# Ch7 : Finetuning to follow instructions

In [1]:
from importlib.metadata import version

pkgs = ["matplotlib",
        "tiktoken",
        "torch",
        "tqdm",
        "tensorflow"
        ]

for p in pkgs:
    print(f"{p} version: {version(p)}")

matplotlib version: 3.8.1
tiktoken version: 0.8.0
torch version: 2.0.1
tqdm version: 4.62.3
tensorflow version: 2.16.2


### 7.1: Intro to instruction finetuning

In Ch 5, we showed how to use LLM to generate one token at a time ('text completion'). Now we will show how LLM can be used to 'following instructions'.

Ch has 3 stages:  
STG 1: Preparing dataset (dataset download and preparation, batching the dataset, creating data loaders)  
STG 2: Finetuning the LLM (Loading a pretrained LLM, Instruction finetuning an LLM, inspecting the modeling loss)  
STG 3: Evlautaing the LLM (Extracting responses, qualitative evaluation, scoring the responses)

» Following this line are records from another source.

(* Let $\Sigma$ be a finite set of symbols, let $\mathbf{x}\in\Sigma^*$, and let $S=\{(T_1,\delta_1),\dots,(T_n,\delta_n)\}$ be a perturbation space with $T_k=(\varphi_k,f_k)$, $\varphi_k:\Sigma^{s_k}\to\{0,1\}$, $f_k:\Sigma^{s_k}\to 2^{\Sigma^{t_k}}$, $s_k\ge 1$, $t_k\ge 0$. For $S'\in\mathcal{D}(S)$ and integers $i,j$ let $$H_{i,j}^{S'}=\{\mathrm{lstm}(\mathbf{z},h_0)\mid \mathbf{z}\in S'^{=}(\mathbf{x}_{1:j}),\ |\mathbf{z}|=i\},$$ with the convention $H_{i,j}^{S'}=\emptyset$ whenever $i<0$ or $j<0$. Then $H_{0,0}^{\varnothing}=\{0^d\}$, and for every $S'=\{(T_k,\delta'_k)\}_k\in\mathcal{D}(S)$ and all integers $i\ge 0$, $j\ge 1$, $$H_{i,j}^{S'}=\{\mathrm{lstm}(x_j,h)\mid h\in H_{i-1,j-1}^{S'}\}\ \cup \bigcup_{\substack{1\le k\le n,\ \delta'_k\ge 1,\ j\ge s_k\\ \varphi_k(\mathbf{x}_{j-s_k+1:j})=1}}\{\mathrm{lstm}(\mathbf{z},h)\mid \mathbf{z}\in f_k(\mathbf{x}_{j-s_k+1:j}),\ h\in H_{i-t_k,\,j-s_k}^{S'_{k\downarrow}}\}.$$ That is, the sets $H_{i,j}^{S'}$ defined directly coincide with those computed bottom-up from the base case $H_{0,0}^{\varnothing}=\{0^d\}$ by this recurrence.
   Context: Strings: $\Sigma^*$ is the set of finite strings over $\Sigma$; for $\mathbf{x}\in\Sigma^*$, $x_i$ is its $i$-th symbol, $\mathbf{x}_{a:b}=x_a\cdots x_b$ (empty if $b<a$), $|\mathbf{x}|$ its length, $\epsilon$ the empty string. A string transformation is a pair $T=(\varphi,f)$ with match function $\varphi:\Sigma^{s}\to\{0,1\}$ and replace function $f:\Sigma^{s}\to 2^{\Sigma^{t}}$. A perturbation space is a finite set $S=\{(T_1,\delta_1),\dots,(T_n,\delta_n)\}$ with $\delta_k\in\mathbb{N}$. Its tight version $S^{=}$ maps a string $\mathbf{x}$ to the set $S^{=}(\mathbf{x})$ of all strings $\mathbf{z}$ for which there is a factorization $\mathbf{x}=\mathbf{u}_0\mathbf{w}_1\mathbf{u}_1\cdots\mathbf{w}_m\mathbf{u}_m$ (pairwise non-overlapping matched substrings $\mathbf{w}_l$) and indices $k_1,\dots,k_m$ with $\varphi_{k_l}(\mathbf{w}_l)=1$, $\mathbf{z}=\mathbf{u}_0\mathbf{w}'_1\mathbf{u}_1\cdots\mathbf{w}'_m\mathbf{u}_m$ with $\mathbf{w}'_l\in f_{k_l}(\mathbf{w}_l)$, and such that for each $k$ exactly $\delta_k$ of the $k_l$ equal $k$ (the ordinary space $S(\mathbf{x})$ is defined the same way with ''at most $\delta_k$''). The decomposition $\mathcal{D}(S)$ is the set of all perturbation spaces $\{(T_1,\delta'_1),\dots,(T_n,\delta'_n)\}$ with $0\le\delta'_k\le\delta_k$ (so $|\mathcal{D}(S)|=\prod_k(\delta_k+1)$); $\varnothing$ denotes the element with all $\delta'_k=0$, for which $\varnothing^{=}(\mathbf{x})=\{\mathbf{x}\}$. For $S'\in\mathcal{D}(S)$ with $\delta'_k\ge1$, $S'_{k\downarrow}$ is $S'$ with $\delta'_k$ decreased by $1$. LSTM: $\mathrm{lstm}:\Sigma\times\mathbb{R}^d\to\mathbb{R}^d$ is a fixed function (an LSTM cell applied to the symbol's embedding and the concatenated hidden/cell state); it is extended to strings by $\mathrm{lstm}(\epsilon,h)=h$ and $\mathrm{lstm}(\mathbf{z},h)=\mathrm{lstm}(z_{|\mathbf{z}|},\mathrm{lstm}(\mathbf{z}_{1:|\mathbf{z}|-1},h))$; $h_0=0^d$. *)

From HB Require Import structures.
From mathcomp Require Import all_boot all_order all_algebra.
From mathcomp Require Import reals.
From Stdlib Require List.
Set Implicit Arguments. Unset Strict Implicit. Unset Printing Implicit Defensive.
Import Order.TTheory GRing.Theory Num.Theory.

(* A string transformation T = (phi, f) with phi : Sigma^s -> {0,1},
   f : Sigma^s -> 2^(Sigma^t). Subsets of Sigma^t are predicates. *)
Record trans (Sigma : finType) := Trans {
  tr_s : nat;
  tr_t : nat;
  tr_phi : tr_s.-tuple Sigma -> bool;
  tr_f : tr_s.-tuple Sigma -> tr_t.-tuple Sigma -> Prop }.

(* x_{a:b} = x_a ... x_b (1-indexed, empty if b < a). *)
Definition substr (Sigma : Type) (x : seq Sigma) (a b : nat) : seq Sigma :=
  drop a.-1 (take b x).

Section Space.
Variables (Sigma : finType) (n : nat) (T : 'I_n -> trans Sigma).

(* One block of a factorization: a transformation index k, the matched
   substring w (in Sigma^{s_k}), its replacement w' (in Sigma^{t_k}), and
   the untouched string u following it. *)
Definition piece := {k : 'I_n & ((tr_s (T k)).-tuple Sigma *
                                 (tr_t (T k)).-tuple Sigma * seq Sigma)%type}.

Definition piece_src (p : piece) : seq Sigma :=
  let: existT _ (w, _, u) := p in tval w ++ u.
Definition piece_tgt (p : piece) : seq Sigma :=
  let: existT k (_, w', u) := p in tval w' ++ u.
Definition piece_valid (p : piece) : Prop :=
  let: existT k (w, w', u) := p in tr_phi w = true /\ tr_f w w'.

(* The tight perturbation space S^= for S = {(T_k, delta_k)}_k:
   z \in S^=(x) iff x = u0 w1 u1 ... wm um, z = u0 w'1 u1 ... w'm um,
   phi_{k_l}(w_l) = 1, w'_l \in f_{k_l}(w_l), and exactly delta_k of the
   k_l equal k. *)
Definition tight (delta : 'I_n -> nat) (x z : seq Sigma) : Prop :=
  exists (u0 : seq Sigma) (ps : seq piece),
    x = u0 ++ flatten (map piece_src ps) /\
    z = u0 ++ flatten (map piece_tgt ps) /\
    List.Forall piece_valid ps /\
    forall k : 'I_n, count (fun p : piece => tag p == k) ps = delta k.

Definition dec (delta : 'I_n -> nat) (k : 'I_n) : 'I_n -> nat :=
  fun k' => if k' == k then (delta k).-1 else delta k'.

End Space.

Definition lstm_str (Sigma : Type) (V : Type) (lstm : Sigma -> V -> V)
  (z : seq Sigma) (h : V) : V :=
  foldl (fun h a => lstm a h) h z.

Definition Hset (R : realType) (d : nat) (Sigma : finType) (n : nat)
  (T : 'I_n -> trans Sigma) (lstm : Sigma -> 'rV[R]_d -> 'rV[R]_d)
  (x : seq Sigma) (delta' : 'I_n -> nat) (i j : int) (h : 'rV[R]_d) : Prop :=
  (0 <= i)%R /\ (0 <= j)%R /\
  exists z : seq Sigma,
    tight T delta' (substr x 1 `|j|%N) z /\ Posz (size z) = i /\
    h = lstm_str lstm z 0%R.

(* Look at the last block of a factorization of x_{1:j}. Either the trailing
   untouched segment u_m is nonempty, so x_j is copied and what remains is a
   factorization of x_{1:j-1} with the same budget; or u_m is empty, the last
   matched substring is w_m = x_{j-s_k+1:j}, and removing it leaves a
   factorization of x_{1:j-s_k} with budget S'_{k down}.  Both constructions
   can be reversed, and since lstm on strings is a left fold,
   lstm(z w', h0) = lstm(w', lstm(z, h0)). *)

From HB Require Import structures.
From mathcomp Require Import all_boot all_order all_algebra.
From mathcomp Require Import reals.
From Stdlib Require List.
Import Order.TTheory GRing.Theory Num.Theory.
Set Implicit Arguments. Unset Strict Implicit. Unset Printing Implicit Defensive.

Lemma count_rcons (X : Type) (P : pred X) s x :
  count P (rcons s x) = (count P s + P x)%N.
Proof. by rewrite -cats1 count_cat /= addn0. Qed.

Lemma Forall_rcons (X : Type) (P : X -> Prop) s x :
  List.Forall P (rcons s x) <-> List.Forall P s /\ P x.
Proof.
rewrite -cats1; split.
  by case/List.Forall_app=> Ps /List.Forall_cons_iff[].
by case=> Ps Px; apply/List.Forall_app; split=> //; constructor.
Qed.

Section TightSpace.
Variables (Sigma : finType) (n : nat) (T : 'I_n -> trans Sigma).
Implicit Types (D : 'I_n -> nat) (y z : seq Sigma).

Lemma tight0 y z : tight T (fun=> 0%N) y z <-> z = y.
Proof.
split=> [[u0 [[|p ps] [-> [-> [_ cnt]]]]]|->].
- by rewrite /= !cats0.
- by move: (cnt (tag p)); rewrite /= eqxx.
- by exists y, [::]; rewrite /= cats0.
Qed.

Lemma tight_rcons D y z c : tight T D y z -> tight T D (rcons y c) (rcons z c).
Proof.
case=> u0 [ps [-> [-> [valid cnt]]]].
case/lastP: ps valid cnt => [|ps [k [[w w'] u]]] valid cnt.
  by exists (rcons u0 c), [::]; rewrite /= !cats0.
exists u0, (rcons ps (existT _ k (w, w', rcons u c))).
rewrite !map_rcons !flatten_rcons /= -!rcons_cat !catA.
split=> //; split=> //; split.
  by move: valid; rewrite !Forall_rcons.
by move=> k'; rewrite -cnt !count_rcons.
Qed.

Lemma tight_cat_match D y z k (w : (tr_s (T k)).-tuple Sigma)
    (w' : (tr_t (T k)).-tuple Sigma) :
  (1 <= D k)%N -> tr_phi w -> tr_f w w' -> tight T (dec D k) y z ->
  tight T D (y ++ w) (z ++ w').
Proof.
move=> Dk phw fw [u0 [ps [-> [-> [valid cnt]]]]].
exists u0, (rcons ps (existT _ k (w, w', [::]))).
rewrite !map_rcons !flatten_rcons /= !cats0 -!catA.
split=> //; split=> //; split; first exact/Forall_rcons.
move=> k'; rewrite count_rcons cnt /dec /=.
by case: eqVneq => [->|_]; rewrite ?addn0 // addn1 prednK.
Qed.

Lemma tight_rconsP D y z c : tight T D (rcons y c) z ->
  (exists z', z = rcons z' c /\ tight T D y z') \/
  (exists k (w : (tr_s (T k)).-tuple Sigma) (w' : (tr_t (T k)).-tuple Sigma) y' z',
     [/\ rcons y c = y' ++ w, z = z' ++ w', tr_phi w, tr_f w w' &
         (1 <= D k)%N /\ tight T (dec D k) y' z']).
Proof.
case=> u0 [ps [ey [-> [valid cnt]]]].
case/lastP: ps ey valid cnt => [|ps [k [[w w'] u]]] ey valid cnt.
  left; exists y; move: ey; rewrite /= !cats0 => ey; split=> //.
  by exists y, [::]; rewrite /= cats0.
move: valid ey; rewrite Forall_rcons !map_rcons !flatten_rcons /= => -[valid [phw fw]].
have cntk := cnt k; rewrite count_rcons /= eqxx addn1 in cntk.
case/lastP: u cnt => [|u b] cnt ey.
  right; exists k, w, w', (u0 ++ flatten (map (@piece_src _ _ T) ps)),
    (u0 ++ flatten (map (@piece_tgt _ _ T) ps)).
  rewrite !cats0 -!catA in ey *; split=> //; split; first by rewrite -cntk.
  exists u0, ps; split=> //; split=> //; split=> // k'.
  rewrite /dec; case: eqVneq => [->|nk]; first by rewrite -cntk.
  by move: (cnt k'); rewrite count_rcons /= eq_sym (negbTE nk) addn0.
move: ey; rewrite !catA -!rcons_cat => /rcons_inj[-> <-].
left; eexists; split; first reflexivity.
exists u0, (rcons ps (existT _ k (w, w', u))).
rewrite !map_rcons !flatten_rcons /= -!catA.
split=> //; split=> //; split; first exact/Forall_rcons.
by move=> k'; rewrite -cnt !count_rcons.
Qed.

End TightSpace.

Lemma take_eq_cat (X : Type) (x y w : seq X) j : (j <= size x)%N ->
  take j x = y ++ w <->
  [/\ (size w <= j)%N, y = take (j - size w) x & w = drop (j - size w) (take j x)].
Proof.
move=> jx; have sj : size (take j x) = j by rewrite size_takel.
split=> [ey|[_ -> ew]]; last first.
  by rewrite -(take_takel _ (leq_subr (size w) j)) {2}ew cat_take_drop.
have sy : size y = (j - size w)%N by rewrite -sj ey size_cat addnK.
rewrite -sy -(take_takel _ (leq_addr (size w) _)) -size_cat -ey sj ey.
by rewrite take_size_cat // drop_size_cat // -sj ey size_cat leq_addl.
Qed.

Section TightStates.
Variables (Sigma : finType) (n : nat) (T : 'I_n -> trans Sigma).
Variables (V : Type) (step : Sigma -> V -> V) (h0 : V).
Implicit Types (D : 'I_n -> nat) (y : seq Sigma).

Definition tight_state D y a h :=
  exists z, [/\ tight T D y z, size z = a & h = lstm_str step z h0].

Lemma tight_state0 y a h :
  tight_state (fun=> 0%N) y a h <-> size y = a /\ h = lstm_str step y h0.
Proof.
split=> [[z [/tight0 -> <- ->]]|[<- ->]]; first by [].
by exists y; split=> //; apply/tight0.
Qed.

Lemma tight_state_take_succ D (x : seq Sigma) j a h : (j < size x)%N ->
  tight_state D (take j.+1 x) a h <->
  (exists h', [/\ (1 <= a)%N, tight_state D (take j x) (a - 1) h' &
                  h = lstm_str step (substr x j.+1 j.+1) h']) \/
  (exists k, [/\ (1 <= D k)%N, (tr_s (T k) <= j.+1)%N &
     exists w : (tr_s (T k)).-tuple Sigma,
       [/\ tval w = substr x (j.+1 - tr_s (T k)).+1 j.+1, tr_phi w &
           exists (w' : (tr_t (T k)).-tuple Sigma) h',
             [/\ tr_f w w', (tr_t (T k) <= a)%N,
                 tight_state (dec D k) (take (j.+1 - tr_s (T k)) x)
                   (a - tr_t (T k)) h' &
                 h = lstm_str step w' h']]]).
Proof.
move=> jx; have c : Sigma by case: x jx => [|c].
have take_succ : take j.+1 x = rcons (take j x) (nth c x j) by rewrite (take_nth c).
have last_char : substr x j.+1 j.+1 = [:: nth c x j].
  by rewrite /substr /= take_succ -cats1 drop_size_cat // size_takel // ltnW.
rewrite last_char; split.
- case=> z [+ <- ->]; rewrite take_succ.
  case/tight_rconsP=> [[z' [-> tz']]|[k [w [w' [y' [z' [ey -> phw fw [Dk tz']]]]]]]].
    left; exists (lstm_str step z' h0).
    by rewrite size_rcons subn1 /lstm_str foldl_rcons; split=> //; exists z'.
  move: ey tz'; rewrite -take_succ take_eq_cat // size_tuple => -[sj -> ew] tz'.
  right; exists k; split=> //; exists w; split=> //.
  exists w', (lstm_str step z' h0); rewrite size_cat size_tuple addnK leq_addl.
  by rewrite /lstm_str foldl_cat; split=> //; exists z'.
- case=> [[h' [a1 [z' [tz' sz' ->]] ->]]|].
    exists (rcons z' (nth c x j)); rewrite take_succ size_rcons sz' subn1 prednK //.
    by split=> //; [apply: tight_rcons | rewrite /lstm_str foldl_rcons].
  case=> k [Dk sj [w [ew phw [w' [h' [fw ta [z' [tz' sz' ->]] ->]]]]]].
  exists (z' ++ w'); rewrite size_cat size_tuple sz' subnK // /lstm_str foldl_cat.
  have -> : take j.+1 x = take (j.+1 - tr_s (T k)) x ++ w.
    by apply/take_eq_cat; rewrite ?size_tuple.
  by split=> //; apply: tight_cat_match.
Qed.

End TightStates.

Section Hsets.
Variables (R : realType) (d : nat) (Sigma : finType) (n : nat).
Variables (T : 'I_n -> trans Sigma) (lstm : Sigma -> 'rV[R]_d -> 'rV[R]_d).
Variable x : seq Sigma.

Lemma Hset_subE D (a t b s : nat) h :
  Hset T lstm x D (a%:Z - t%:Z) (b%:Z - s%:Z) h <->
  [/\ (t <= a)%N, (s <= b)%N & tight_state T lstm 0%R D (take (b - s) x) (a - t) h].
Proof.
rewrite /Hset !subr_ge0 !lez_nat /substr drop0.
split=> [[ta [sb [z [tz [sz ->]]]]]|[ta sb [z [tz sz ->]]]].
  by rewrite !subzn // in tz sz; case: sz => sz; split=> //; exists z.
by do 2!split=> //; exists z; rewrite !subzn // sz.
Qed.

Lemma Hset_natE D (a b : nat) h :
  Hset T lstm x D a b h <-> tight_state T lstm 0%R D (take b x) a h.
Proof.
have := Hset_subE D a 0 b 0 h; rewrite !subr0 !subn0 => ->.
by split=> [[]|].
Qed.

End Hsets.

Local Open Scope ring_scope.
Theorem lemma4p2 (R : realType) (d : nat) (Sigma : finType) (n : nat)
  (T : 'I_n -> trans Sigma) (delta : 'I_n -> nat)
  (lstm : Sigma -> 'rV[R]_d -> 'rV[R]_d) (x : seq Sigma)
  (hs : forall k : 'I_n, (1 <= tr_s (T k))%N) :
  (forall h : 'rV[R]_d,
     Hset T lstm x (fun _ => 0%N) 0 0 h <-> h = 0) /\
  (forall (delta' : 'I_n -> nat), (forall k, (delta' k <= delta k)%N) ->
   forall (i j : int), 0 <= i -> 1 <= j -> j <= (size x)%:Z ->
   forall h : 'rV[R]_d,
     Hset T lstm x delta' i j h <->
     ((exists h', Hset T lstm x delta' (i - 1) (j - 1) h' /\
                  h = lstm_str lstm (substr x `|j|%N `|j|%N) h') \/
      (exists k : 'I_n,
         [/\ (1 <= delta' k)%N, (tr_s (T k))%:Z <= j &
          exists w : (tr_s (T k)).-tuple Sigma,
            [/\ tval w = substr x (`|j|%N - tr_s (T k)).+1 `|j|%N,
                tr_phi w = true &
                exists (z : (tr_t (T k)).-tuple Sigma) (h' : 'rV[R]_d),
                  [/\ tr_f w z,
                      Hset T lstm x (dec delta' k)
                        (i - (tr_t (T k))%:Z) (j - (tr_s (T k))%:Z) h' &
                      h = lstm_str lstm (tval z) h']]]))).
Proof.
split=> [h|D _ [a|//] [[|j]|//] _ //].
  apply: (iff_trans (Hset_natE _ _ _ _ 0 0 h)).
  by rewrite take0 tight_state0; split=> [[]|->].
move=> _; rewrite lez_nat => jx h.
rewrite Hset_natE tight_state_take_succ //; split.
- case=> [[h' [a1 ts ->]]|[k [Dk sj [w [ew phw [w' [h' [fw ta ts ->]]]]]]]].
    left; exists h'; split=> //.
    by apply/(Hset_subE _ _ _ _ a 1 j.+1 1); rewrite subn1.
  right; exists k; split=> //; exists w; split=> //; exists w', h'.
  by split=> //; apply/Hset_subE.
- case=> [[h' [/Hset_subE[a1 _ ts] ->]]|].
    by rewrite subn1 in ts; left; exists h'.
  case=> k [Dk sj [w [ew phw [w' [h' [fw /Hset_subE[ta _ ts] ->]]]]]].
  by right; exists k; split=> //; exists w; split=> //; exists w', h'.
Qed.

### 7.2: Preparing dataset for supervised instruction finetuning

This training is called supervised, because 'input' and 'output' fields are explicitly provided. Using a pre-prepared dataset

In [2]:
import json
import os
import urllib


def download_and_load_file(file_path, url):

    if not os.path.exists(file_path):
        with urllib.request.urlopen(url) as response:
            text_data = response.read().decode("utf-8")
        with open(file_path, "w", encoding="utf-8") as file:
            file.write(text_data)
    
    # The book originally contained this unnecessary "else" clause:
    #else:
    #    with open(file_path, "r", encoding="utf-8") as file:
    #        text_data = file.read()

    with open(file_path, "r", encoding="utf-8") as file:
        data = json.load(file)

    return data


file_path = "instruction-data.json"
url = (
    "https://raw.githubusercontent.com/rasbt/LLMs-from-scratch"
    "/main/ch07/01_main-chapter-code/instruction-data.json"
)

data = download_and_load_file(file_path, url)
print("Number of entries:", len(data))

Number of entries: 1100


In [3]:
# Dict has 3 fileds (instruction, input, output). 
# Input field can be empty

print("An example entry:\n", data[999])

An example entry:
 {'instruction': "What is an antonym of 'complicated'?", 'input': '', 'output': "An antonym of 'complicated' is 'simple'."}


In [4]:
# Formatting into alpaca-style prompt formating

def format_input(entry):
    instruction_text = (
        f"Below is an instruction that describes a task. "
        f"Write a response that appropriately completes the request."
        f"\n\n### Instruction:\n{entry['instruction']}"
    )

    input_text = f"\n\n### Input:\n{entry['input']}" if entry["input"] else ""

    return instruction_text + input_text

Below code generates the alpaca-style prompt formatted instructions

In [5]:
model_input = format_input(data[50])
desired_response = f"\n\n### Response:\n{data[50]['output']}"

print(model_input + desired_response)

Below is an instruction that describes a task. Write a response that appropriately completes the request.

### Instruction:
Identify the correct spelling of the following word.

### Input:
Ocassion

### Response:
The correct spelling is 'Occasion.'


Response when there is no input

In [6]:
model_input = format_input(data[999])
desired_response = f"\n\n### Response:\n{data[999]['output']}"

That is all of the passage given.